И Елпидифор Павлович захлебнулся слезами.
– Полноте плакать, папа, не стоит! – строго вымолвила Ранцова. – Если вы что-нибудь заметили, надо скорее принять меры.
– Нет, Оля, ты не знаешь, – продолжал он, отирая влажное лицо, – умница ведь она, тонкая… всякия мои до корешка дела знала, – в нашей должности, известно, всякое бывает, – все знала… Да что! Жить меня научила, деньгу хранить…
– И что же, – нетерпеливо прервала его дочь, – вы боитесь теперь, чтоб она насчет этих ваших «дел» не выдала вас?
Тусклые глаза бывшего полицейского блеснули внезапно старым, ярким и острым блеском:
– A выдавать-то что? – ухмыльнулся он. – С меня взятки гладки: состою по чистой, по формуляру ни сучка, ни задоринки, за тридцатипятилетнюю службу удостоен подобающей пенсии: сорок два с полтиной получаю в треть, – в чем же выдать-то меня кто может?
– Вы говорили мужу, боитесь, чтобы вас не обобрали, – вспомнила Ранцова. – Вы ее подозреваете?

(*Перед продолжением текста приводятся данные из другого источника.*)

Lemma cone_coordinate p : (p < n)%nat -> coordinate (cone p).
Proof.
  intros Hp; split; intros i Hi; unfold cone.
  - pose proof (rim_lipschitz r spoke_diff p i Hp Hi) as Hdist.
    pose proof (r_nonneg i Hi).
    apply Rabs_le; split; [apply Rmax_l|].
    apply Rmax_lub; [lra|]; revert Hdist; unfold Rabs; destruct (Rcase_abs _); lra.
  - apply Rmax_lipschitz.
    + replace (- r i - - r (rim_next n i)) with (- (r i - r (rim_next n i))) by ring.
      rewrite Rabs_Ropp; auto.
    + replace (r p - rim_dist p i - (r p - rim_dist p (rim_next n i)))
        with (- (rim_dist p i - rim_dist p (rim_next n i))) by ring.
      rewrite Rabs_Ropp; now apply rim_dist_lipschitz.
Qed.

Lemma cone_tight p : (p < n)%nat -> tight (cone p) p.
Proof.
  intros Hp; unfold tight, cone.
  rewrite rim_dist_next by assumption.
  assert (Hself : rim_dist p p = 0).
  { unfold rim_dist; rewrite Rminus_diag, Rabs_R0.
    pose proof rim_len_nonneg; apply Rmin_left; lra. }
  pose proof (r_nonneg p Hp); pose proof (e_nonneg p Hp); pose proof (spoke_sum p Hp).
  rewrite Hself, Rmax_right, Rmax_right by lra.
  replace (r p - 0 - (r p - e p)) with (e p) by ring.
  apply Rabs_right; lra.
Qed.

Definition path_coordinate (X : nat -> R) : Prop :=
  (forall i, (i < n)%nat -> Rabs (X i) <= r i) /\
  (forall i, (S i < n)%nat -> Rabs (X i - X (S i)) <= e i).

Local Notation remaining i := (rim_len - rim_pos i).

(* Clamping X into the band of half-width [remaining i] around X 0: a value
   outside the band could not be joined back to X 0 along the closing part
   of the rim. *)
Definition clamp (X : nat -> R) (i : nat) : R :=
  Rmax (X O - remaining i) (Rmin (X O + remaining i) (X i)).

Definition escapes (X : nat -> R) (i : nat) : Prop := remaining i < Rabs (X i - X O).

Lemma clamp_id X i : ~ escapes X i -> clamp X i = X i.
Proof.
  unfold escapes, clamp; intro Hin; apply Rnot_lt_le in Hin.
  revert Hin; unfold Rmax, Rmin, Rabs;
    repeat destruct (Rle_dec _ _); repeat destruct (Rcase_abs _); lra.
Qed.

Lemma no_escape_start X : ~ escapes X O.
Proof.
  unfold escapes; rewrite Rminus_diag, Rabs_R0; simpl prefix_sum.
  pose proof rim_len_nonneg; lra.
Qed.

Lemma clamp_in_band X i : (i <= n)%nat -> Rabs (clamp X i - X O) <= remaining i.
Proof.
  intro Hi; pose proof (rim_pos_mono i n ltac:(lia)).
  unfold clamp, Rmax, Rmin, Rabs;
    repeat destruct (Rle_dec _ _); repeat destruct (Rcase_abs _); lra.
Qed.

Lemma clamp_coordinate X : path_coordinate X -> coordinate (clamp X).
Proof.
  intros [Hbound Hstep]; split.
  - intros i Hi.
    assert (Hband : Rabs (r O - r i) <= remaining i).
    { eapply Rle_trans; [apply (rim_lipschitz r spoke_diff); lia|].
      unfold rim_dist; simpl prefix_sum; rewrite Rminus_0_l, Rabs_Ropp.
      rewrite (Rabs_right (rim_pos i)) by (apply Rle_ge, (rim_pos_mono O i); lia).
      apply Rmin_r. }
    pose proof (Hbound O ltac:(lia)); pose proof (Hbound i Hi); pose proof (r_nonneg i Hi).
    revert Hband; unfold clamp, Rmax, Rmin; repeat destruct (Rle_dec _ _);
      unfold Rabs in *; repeat destruct (Rcase_abs _); lra.
  - apply (on_rim_edges n (fun i j => Rabs (clamp X i - clamp X j) <= e i)).
    + intros i Hi; unfold clamp.
      pose proof (e_nonneg i ltac:(lia)).
      assert (Hedge : Rabs (remaining i - remaining (S i)) <= e i).
      { simpl prefix_sum; replace (rim_len - rim_pos i - (rim_len - (rim_pos i + e i)))
          with (e i) by ring; rewrite Rabs_right; lra. }
      apply Rmax_lipschitz; [|apply Rmin_lipschitz; [|now apply Hstep]];
        revert Hedge; unfold Rabs; repeat destruct (Rcase_abs _); lra.
    + rewrite (clamp_id X O (no_escape_start X)).
      pose proof (clamp_in_band X (pred n) ltac:(lia)); pose proof rim_len_split; lra.
Qed.

(* Once X has escaped the band at m, it stays outside on the same side, so
   from m on the clamped function runs along one edge of the band. *)
Lemma clamp_follows_band X m : path_coordinate X -> escapes X m -> (m < n)%nat ->
  exists s, (s = 1 \/ s = -1) /\
    forall j, (m <= j < n)%nat -> clamp X j = X O + s * remaining j.
Proof.
  intros [_ Hstep] Hesc Hm.
  assert (Hdrift : forall j, (m <= j < n)%nat ->
            Rabs (X m - X j) <= rim_pos j - rim_pos m)
    by (intros; now apply (path_lipschitz n e X Hstep)).
  assert (Hwidth : forall j, (j < n)%nat -> 0 <= remaining j)
    by (intros j Hj; pose proof (rim_pos_mono j n ltac:(lia)); lra).
  unfold escapes, clamp in *.
  destruct (Rle_dec 0 (X m - X O)) as [Habove | Hbelow].
  - exists 1; split; [now left|]; intros j Hj.
    specialize (Hdrift j Hj); specialize (Hwidth j ltac:(lia)).
    revert Hesc Hdrift; rewrite (Rabs_right (X m - X O)) by lra; intros.
    rewrite Rmin_left, Rmax_right;
      revert Hdrift; unfold Rabs; destruct (Rcase_abs _); intros; lra.
  - exists (-1); split; [now right|]; intros j Hj.
    specialize (Hdrift j Hj); specialize (Hwidth j ltac:(lia)).
    revert Hesc Hdrift; rewrite (Rabs_left (X m - X O)) by lra; intros.
    rewrite Rmin_right, Rmax_left;
      revert Hdrift; unfold Rabs; destruct (Rcase_abs _); intros; lra.
Qed.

Он снова болезненно заметался и заныл:
– Изменница она, неблагодарная! За мою… привязанность… с кем связалась! Вот, вы видели, сидел тут… сейчас… Змей! Путает он ее, наущает…
– Да вы что же, узнали что-нибудь, заметили? – допрашивала тревожно Ольга Елпидифоровна. – Когда? Давно или теперь только?
Брови больного сосредоточенно сдвинулись – он видимо старался припомнить все подробно:
– Болен я сегодня шестой день, – начал он, – a ты об этом когда депешу получила?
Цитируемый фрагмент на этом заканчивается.